Trois conférenciers derrière des tables, et qui en attendent un quatrième, font face à la salle. De quoi vont-ils nous parler? Quel est l’objet de leur conférence? En quoi va consister leur argumentation? Ils sont munis de micros, ils prennent des notes, il y a des verres avec de l’eau pour les hydrater lors de leurs prestations orales, un plan est inscrit sur un tableau.
Tout parait très sérieux et organisé comme un colloque universitaire plutôt qu’une rencontre politique ou autre. Mais on ne sait pas trop. Et on n’en saura rien jusqu’à la fin de la prestation. Car tout le jeu de la pièce consiste à ne rien dire, ou seulement dire de manière si désordonnée et décousue que finalement on n’en tire rien, absolument rien.
L’idée de départ n’est pas mauvaise. Et pour avoir participé à bien des colloques universitaires, j’ai pensé que la performance n’était pas sans ressemblance avec ce que j’avais parfois vécu. Mais cette idée de départ suffit-elle à construire une pièce de théâtre de près d’une heure et demie? Je me questionne un peu…
À son commencement, la pièce est assez drôle. Il faut dire qu’elle est interprétée par trois acteurs vraiment talentueux. Chacun des personnages est bien travaillé avec sa tenue vestimentaire, ses obsessions et ses névroses.
Karine Gonthier-Hyndman dans le rôle de Marie-Luc, vogue en permanence entre agacement et hystérie. Vêtue de manière très voyante, elle ne risque pas de passer inaperçue. C’est elle qui semble la plus brillante de l’assemblée, même si elle s’emmêle (et c’est peu de le dire) à la seule présentation des consignes de sécurité pour l’évacuation des spectateurs. Il y a ensuite Lothaire, interprété par Olivier Morin, un personnage très sympathique, sensible et émotif, et passablement décalé de la réalité. Avec sa raie au milieu sur ses cheveux gominés et sa large cravate, il ne répond pas aux stéréotypes de la masculinité qu’on pourrait attendre du seul homme de ce genre d’assemblée.

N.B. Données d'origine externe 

(* Let $\mathcal{R}$ be a right amenable cell space with finite stabiliser $G_0$, let $(\mathcal{R},Q,N,\delta)$ be a semi-cellular automaton with $Q$ finite and $N$ finite, whose global transition function is $\Delta$, and let $\mathcal{F}=(F_i)_{i\in I}$ be a right Følner net in $\mathcal{R}$. Suppose $\delta$ is $\bullet$-invariant, $Q$ contains at least two elements, and $\Delta$ is not pre-injective. Then $\mathrm{h}_{\mathcal{F}}(\Delta(Q^M))<\log|Q|$.
   Context: A cell space $\mathcal{R}$ consists of a group $G$ acting transitively on the left on a nonempty set $M$ via $\triangleright$, a point $m_0\in M$ and a family $(g_{m_0,m})_{m\in M}$ in $G$ with $g_{m_0,m}\triangleright m_0=m$. $G_0$ is the stabiliser of $m_0$, $G/G_0$ the set of left cosets, with $G$ acting by $g\cdot hG_0=ghG_0$. The right semi-action $\triangleleft\colon M\times G/G_0\to M$ is $m\triangleleft gG_0=g_{m_0,m}g\triangleright m_0$. $\mathcal{R}$ is right amenable if there is a finitely additive probability measure $\mu$ on the power set of $M$ such that $\mu(\{a\triangleleft\mathfrak{g}:a\in A\})=\mu(A)$ whenever $\mathfrak{g}\in G/G_0$, $A\subseteq M$ and $m\mapsto m\triangleleft\mathfrak{g}$ is injective on $A$. A right Følner net in $\mathcal{R}$ is a net $(F_i)_{i\in I}$ (over a directed set) of nonempty finite subsets of $M$ with $\lim_{i}\frac{|F_i\setminus\{m: m\triangleleft\mathfrak{g}\in F_i\}|}{|F_i|}=0$ for every $\mathfrak{g}\in G/G_0$. A semi-cellular automaton is $(\mathcal{R},Q,N,\delta)$ with $Q$ a set, $N\subseteq G/G_0$ with $G_0\cdot N\subseteq N$, $\delta\colon Q^N\to Q$; its global transition function is $\Delta(c)(m)=\delta(n\mapsto c(m\triangleleft n))$. $\delta$ is $\bullet$-invariant if $\delta(g_0\bullet\ell)=\delta(\ell)$ for all $g_0\in G_0$, $\ell\in Q^N$, where $(g_0\bullet\ell)(n)=\ell(g_0^{-1}\cdot n)$. For $A\subseteq M$, $\pi_A\colon Q^M\to Q^A$ is restriction; $\mathrm{h}_{\mathcal{F}}(X)=\limsup_{i\in I}\frac{\log|\pi_{F_i}(X)|}{|F_i|}$ for $X\subseteq Q^M$. $\Delta$ is pre-injective if for all $c,c'\in Q^M$ such that $\{m: c(m)\neq c'(m)\}$ is finite and $\Delta(c)=\Delta(c')$ we have $c=c'$. *)

From HB Require Import structures.
From mathcomp Require Import all_boot all_order all_algebra.
From mathcomp Require Import finmap.
From mathcomp Require Import boolp classical_sets cardinality reals ereal exp.
From mathcomp Require Import Rstruct.
From Stdlib Require Import Rdefinitions.
Set Implicit Arguments. Unset Strict Implicit. Unset Printing Implicit Defensive.
Import Order.TTheory GRing.Theory Num.Theory.
Local Open Scope classical_set_scope.
Local Open Scope ring_scope.

Record group := Group {
  gT :> Type;
  gmul : gT -> gT -> gT;
  gone : gT;
  ginv : gT -> gT;
  gmulA : forall x y z, gmul x (gmul y z) = gmul (gmul x y) z;
  gmul1 : forall x, gmul gone x = x;
  gmulV : forall x, gmul (ginv x) x = gone }.

(* M is taken to be a choiceType
   (harmless classically), so that finite subsets can be handled as {fset M}. *)
Record cell_space := CellSpace {
  cs_G : group;
  cs_M : choiceType;
  cs_act : cs_G -> cs_M -> cs_M;
  cs_act1 : forall m, cs_act (gone cs_G) m = m;
  cs_actM : forall g h m, cs_act (gmul g h) m = cs_act g (cs_act h m);
  cs_trans : forall m m', exists g, cs_act g m = m';
  cs_m0 : cs_M;
  cs_coord : cs_M -> cs_G;
  cs_coordP : forall m, cs_act (cs_coord m) cs_m0 = m }.

Section CellSpaceDefs.
Variable S : cell_space.
Local Notation G := (cs_G S).
Local Notation M := (cs_M S).
Local Notation "g |> m" := (cs_act g m) (at level 40).

Definition stab : set G := [set g | g |> cs_m0 S = cs_m0 S].

(* left cosets g G_0, represented as subsets of G; G/G_0 is the set of these *)
Definition coset (g : G) : set G := [set x | exists2 g0, stab g0 & x = gmul g g0].
Definition cosets : set (set G) := [set C | exists g, C = coset g].

(* a chosen representative of a coset (arbitrary for non-cosets) *)
Definition rep (C : set G) : G :=
  match pselect (exists g, C = coset g) with
  | left h => projT1 (cid h)
  | right _ => gone G
  end.

Definition semi_act (m : M) (C : set G) : M := (gmul (cs_coord m) (rep C)) |> cs_m0 S.

Definition right_amenable : Prop :=
  exists mu : set M -> R,
    (forall A, (0 <= mu A)%R) /\ mu setT = 1%R /\
    (forall A B, A `&` B = set0 -> mu (A `|` B) = (mu A + mu B)%R) /\
    (forall (g : G) (A : set M),
        (forall a b, A a -> A b ->
           semi_act a (coset g) = semi_act b (coset g) -> a = b) ->
        mu [set semi_act a (coset g) | a in A] = mu A).

Definition directed (I : Type) (le : I -> I -> Prop) : Prop :=
  (exists i : I, True) /\ (forall i, le i i) /\
  (forall i j k, le i j -> le j k -> le i k) /\
  (forall i j, exists2 k, le i k & le j k).

Definition right_folner_net (I : Type) (le : I -> I -> Prop) (F : I -> {fset M}) : Prop :=
  directed le /\ (forall i, F i != fset0) /\
  forall g : G, forall eps : R, (0 < eps)%R -> exists i0, forall i, le i0 i ->
    (`| (#|` [fset m in F i | semi_act m (coset g) \notin F i]%fset |%:R
          / #|` F i |%:R) | < eps)%R.

Definition global_trans (Q : Type) (N : set (set G))
    (delta : ({n : set G | N n} -> Q) -> Q) (c : M -> Q) : M -> Q :=
  fun m => delta (fun n => c (semi_act m (proj1_sig n))).

(* bullet-invariance: delta (g0 . l) = delta l, where (g0 . l)(n) = l(g0^-1 . n);
   l' below is exactly g0 . l (g . C is the coset predicate x |-> C (g^-1 x)). *)
Definition bullet_invariant (Q : Type) (N : set (set G))
    (delta : ({n : set G | N n} -> Q) -> Q) : Prop :=
  forall g0, stab g0 -> forall l l' : {n : set G | N n} -> Q,
    (forall n n' : {n : set G | N n},
        proj1_sig n' = (fun x => proj1_sig n (gmul (ginv g0) x)) -> l n = l' n') ->
    delta l' = delta l.

Definition pre_injective (Q : Type) (D : (M -> Q) -> (M -> Q)) : Prop :=
  forall c c' : M -> Q, finite_set [set m | c m <> c' m] -> D c = D c' -> c = c'.

Definition proj_set (Q : finType) (A : {fset M}) (X : set (M -> Q)) : {set {ffun A -> Q}} :=
  [set p | `[< exists2 c, X c & p = [ffun x : A => c (val x)] >] ].

Definition entropy (Q : finType) (I : Type) (le : I -> I -> Prop) (F : I -> {fset M})
    (X : set (M -> Q)) : \bar R :=
  ereal_inf [set ereal_sup [set ((ln (#|proj_set (F j) X|%:R) / #|` F j|%:R)%R)%:E
                           | j in [set j | le i j]] | i in [set: I]].

End CellSpaceDefs.

(* Let c and c' be configurations with the same image under Delta that differ
   on a nonempty finite set, and let E be a finite window containing that set
   together with every neighbourhood g N m0 that meets it.  Since Delta is
   G-equivariant, inside any translate of E showing the pattern of c' that
   pattern may be replaced by the pattern of c without changing the image.
   A maximal family of pairwise disjoint translates of E inside a Folner set F
   has at least |F| / (2 |E|^2 |G_0|) members, so every pattern of Delta(Q^M) on
   F is induced by a pattern on a slightly larger set W that avoids the
   pattern of c' on each of these k tiles.  Hence
     |pi_F(Delta(Q^M))| <= |Q|^|W| (1 - |Q|^-|E|)^k,
   and taking logarithms the entropy drops by a fixed amount below log |Q|. *)

From Stdlib Require Import Rdefinitions.
From HB Require Import structures.
From mathcomp Require Import all_boot all_order all_algebra.
From mathcomp Require Import finmap.
From mathcomp Require Import boolp classical_sets cardinality reals ereal exp.
From mathcomp Require Import Rstruct.
From mathcomp Require Import zify ring lra.
Set Implicit Arguments. Unset Strict Implicit. Unset Printing Implicit Defensive.
Import Order.TTheory GRing.Theory Num.Theory.
Local Open Scope classical_set_scope.

Lemma exists_maximal_packing (T : eqType) (r : T -> T -> Prop) (L : seq T) :
  (forall x y, r x y -> r y x) -> {in L, forall x, r x x} ->
  exists P : seq T, [/\ uniq P, {subset P <= L},
    {in P &, forall p q, r p q -> p = q} & {in L, forall m, exists2 p, p \in P & r m p}].
Proof.
move=> r_sym; elim: L => [|m L IH] r_refl; first by exists [::].
have [|P [uP sP dP cP]] := IH; first by move=> z zL; apply: r_refl; rewrite inE zL orbT.
have [[p Pp mp]|H] := pselect (exists2 p, p \in P & r m p).
  exists P; split => //; first by move=> z /sP zL; rewrite inE zL orbT.
  by move=> z; rewrite inE => /predU1P [->|/cP //]; exists p.
exists (m :: P); split.
- rewrite /= uP andbT; apply: contra_notN H => mP; exists m => //.
  by apply: r_refl; rewrite mem_head.
- by move=> z; rewrite !inE => /predU1P [->|/sP ->]; rewrite ?eqxx ?orbT.
- move=> p q; rewrite !inE => /predU1P [->|Pp] /predU1P [->|Pq] //.
  + by move=> mq; case: H; exists q.
  + by move=> /r_sym pm; case: H; exists p.
  + exact: dP.
- move=> z; rewrite inE => /predU1P [->|/cP [p Pp zp]].
    by exists m; [rewrite mem_head | apply: r_refl; rewrite mem_head].
  by exists p => //; rewrite inE Pp orbT.
Qed.

Lemma count_predC_le_sum (T T' : eqType) (s : seq T) (a : pred T) (bs : seq T')
    (b : T' -> pred T) :
  (forall x, ~~ a x -> has (fun e => b e x) bs) ->
  (count (predC a) s <= \sum_(e <- bs) count (b e) s)%N.
Proof.
move=> cover; elim: s => [|x s IH] /=; first by rewrite big1.
rewrite big_split /= leq_add //; case: (boolP (a x)) => //= /cover.
by elim: bs {cover IH} => [|e bs IHbs] //=; rewrite big_cons; case: (b e x).
Qed.

Lemma count_enum_fset_le (T : choiceType) (F : {fset T}) (P : pred T) :
  (count P (enum_fset F) <= #|` [fset m in F | P m]%fset|)%N.
Proof.
rewrite -size_filter; apply: uniq_leq_size; first exact/filter_uniq/fset_uniq.
by move=> x; rewrite mem_filter !inE andbC.
Qed.

Lemma card_bigfcup_le (T : choiceType) (I : Type) (r : seq I) (B : I -> {fset T}) :
  (#|` (\bigcup_(i <- r) B i)%fset| <= \sum_(i <- r) #|` B i|)%N.
Proof.
elim: r => [|i r IH]; first by rewrite !big_nil cardfs0.
by rewrite !big_cons (leq_trans (leq_card_fsetU _ _).1) // leq_add2l.
Qed.

Section RealInequalities.
Local Open Scope ring_scope.

Lemma ler_sum_seq_const (T : eqType) (r : seq T) (f : T -> R) (C : R) :
  {in r, forall i, f i <= C} -> \sum_(i <- r) f i <= (size r)%:R * C.
Proof.
elim: r => [|x r IH] fC; first by rewrite big_nil mul0r.
rewrite big_cons /= mulrSr mulrDl mul1r addrC lerD ?fC ?mem_head //.
by apply: IH => i ri; apply: fC; rewrite inE ri orbT.
Qed.

Lemma ln_le_of_card_le (P q W A k : nat) : (0 < P)%N -> (0 < q)%N -> (1 < A)%N ->
  (P * A ^ k <= q ^ W * (A - 1) ^ k)%N ->
  ln (P%:R : R) <= W%:R * ln q%:R - k%:R * (ln A%:R - ln (A - 1)%:R).
Proof.
move=> P0 q0 A1; rewrite -(ler_nat R) !natrM !natrX => ineq.
have [P0' q0' A0 A10] : [/\ 0 < P%:R :> R, 0 < q%:R :> R, 0 < A%:R :> R & 0 < (A - 1)%:R :> R].
  by split; rewrite ltr0n //; lia.
have : ln (P%:R * A%:R ^+ k) <= ln (q%:R ^+ W * (A - 1)%:R ^+ k :> R).
  by rewrite ler_ln // posrE ?mulr_gt0 ?exprn_gt0.
rewrite !lnM ?posrE ?exprn_gt0 // !lnXn // !mulr_natl; lra.
Qed.

(* With [u = ka / b]: at least [n / (2 b)] tiles save [k ka >= n u / 2], while the
   neighbourhood costs at most [n u / 4] more than [n lq]. *)
Lemma rate_bound (n k W lp lq ka b x y : R) :
  0 < n -> 0 <= lq -> 0 < ka -> 0 < b -> lp <= W * lq - k * ka ->
  n <= k * b + x * n -> W <= n + y * n -> x <= 1 / 2 -> y * lq <= ka / (4 * b) ->
  lp / n <= lq - ka / (4 * b).
Proof.
move=> n0 lq0 ka0 b0 hlp hn hW hx hy.
rewrite ler_pdivrMr //.
set u := ka / b.
have u0 : 0 < u by rewrite divr_gt0.
have kau : ka = u * b by rewrite /u mulrVK // unitfE gt_eqF.
have e4 : ka / (4 * b) = u / 4 by rewrite /u; field; rewrite gt_eqF.
rewrite e4 in hy *; rewrite kau in hlp.
have hk : n / 2 <= k * b by nra.
have hku : n / 2 * u <= k * b * u by rewrite ler_wpM2r // ltW.
have hWl : W * lq <= n * lq + n * (y * lq) by nra.
have hyn : n * (y * lq) <= n * (u / 4) by rewrite ler_wpM2l // ltW.
nra.
Qed.

Lemma exists_small_pos (x y z : R) : 0 <= x -> 0 <= y -> 0 < z ->
  exists2 eps, 0 < eps & x * eps <= 1 / 2 /\ y * eps <= z.
Proof.
move=> x0 y0 z0; set p := 1 / (2 * (x + 1)); set q := z / (y + 1).
have [p0 q0] : 0 < p /\ 0 < q by rewrite !divr_gt0 ?mulr_gt0 //; lra.
exists (Num.min p q); first by rewrite lt_min p0 q0.
have [mp mq] : Num.min p q <= p /\ Num.min p q <= q by rewrite !ge_min !lexx orbT.
split; [apply: le_trans (ler_wpM2l x0 mp) _ | apply: le_trans (ler_wpM2l y0 mq) _].
  by rewrite /p mulrA ler_pdivrMr ?mulr_gt0 //; lra.
by rewrite /q mulrA ler_pdivrMr //; nra.
Qed.

End RealInequalities.

Section GroupTheory.
Variable G : group.
Implicit Types x y z : G.

Lemma gmulKg x y : gmul (ginv x) (gmul x y) = y.
Proof. by rewrite gmulA gmulV gmul1. Qed.

Lemma gmulgV x : gmul x (ginv x) = gone G.
Proof.
have h : gmul (ginv (ginv x)) (gmul (ginv x) (gmul x (ginv x))) = gone G.
  by rewrite [gmul (ginv x) _]gmulKg gmulV.
by rewrite gmulKg in h.
Qed.

Lemma gmulg1 x : gmul x (gone G) = x.
Proof. by rewrite -(gmulV x) gmulA gmulgV gmul1. Qed.

Lemma gmulVKg x y : gmul x (gmul (ginv x) y) = y.
Proof. by rewrite gmulA gmulgV gmul1. Qed.

Lemma gmulgK x y : gmul (gmul y x) (ginv x) = y.
Proof. by rewrite -gmulA gmulgV gmulg1. Qed.

Lemma gmulg_injr x y z : gmul y x = gmul z x -> y = z.
Proof. by move=> h; rewrite -(gmulgK x y) h gmulgK. Qed.

End GroupTheory.

Section CellSpace.
Variable S : cell_space.
Local Notation G := (cs_G S).
Local Notation M := (cs_M S).
Local Notation act := (@cs_act S).
Local Notation m0 := (cs_m0 S).
Local Notation coord := (@cs_coord S).

Lemma cs_actK (g : G) m : act (ginv g) (act g m) = m.
Proof. by rewrite -cs_actM gmulV cs_act1. Qed.

Lemma cs_actVK (g : G) m : act g (act (ginv g) m) = m.
Proof. by rewrite -cs_actM gmulgV cs_act1. Qed.

Lemma stab1 : @stab S (gone G).
Proof. by rewrite /stab /= cs_act1. Qed.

Enfin, il y a Claude interprétée par Raphaëlle Lalande, celle qui contre toute attente va être l’objet des plus fortes attentions. Avec son jean et sa chemisette décontractée, elle a le look de l’universitaire transparente qui se soucie bien peu de sa tenue vestimentaire. Un quatrième est absent. Sa chaise reste vide. Même si les trois autres renoncent à l’attendre, son absence plane jusqu’au bout, sans qu’on puisse obtenir le fin mot de l’histoire.
La pièce joue sur l’absurde, les paroles creuses, les idées qui n’en sont pas et le narcissisme de ceux qui s’écoutent parler, convaincus qu’ils sont de prononcer des paroles essentielles et qui méritent d’être religieusement écoutées et méditées. Mais la pièce m’a laissée sur ma faim. Il y a certes quelque chose d’une progression dramatique, mais peut-être aurait-il fallu aller encore plus loin dans cette logique du rien. Car si le langage se réduit à ce point à la confusion et au vide, c’est aussi l’humanité qui devrait probablement disparaitre.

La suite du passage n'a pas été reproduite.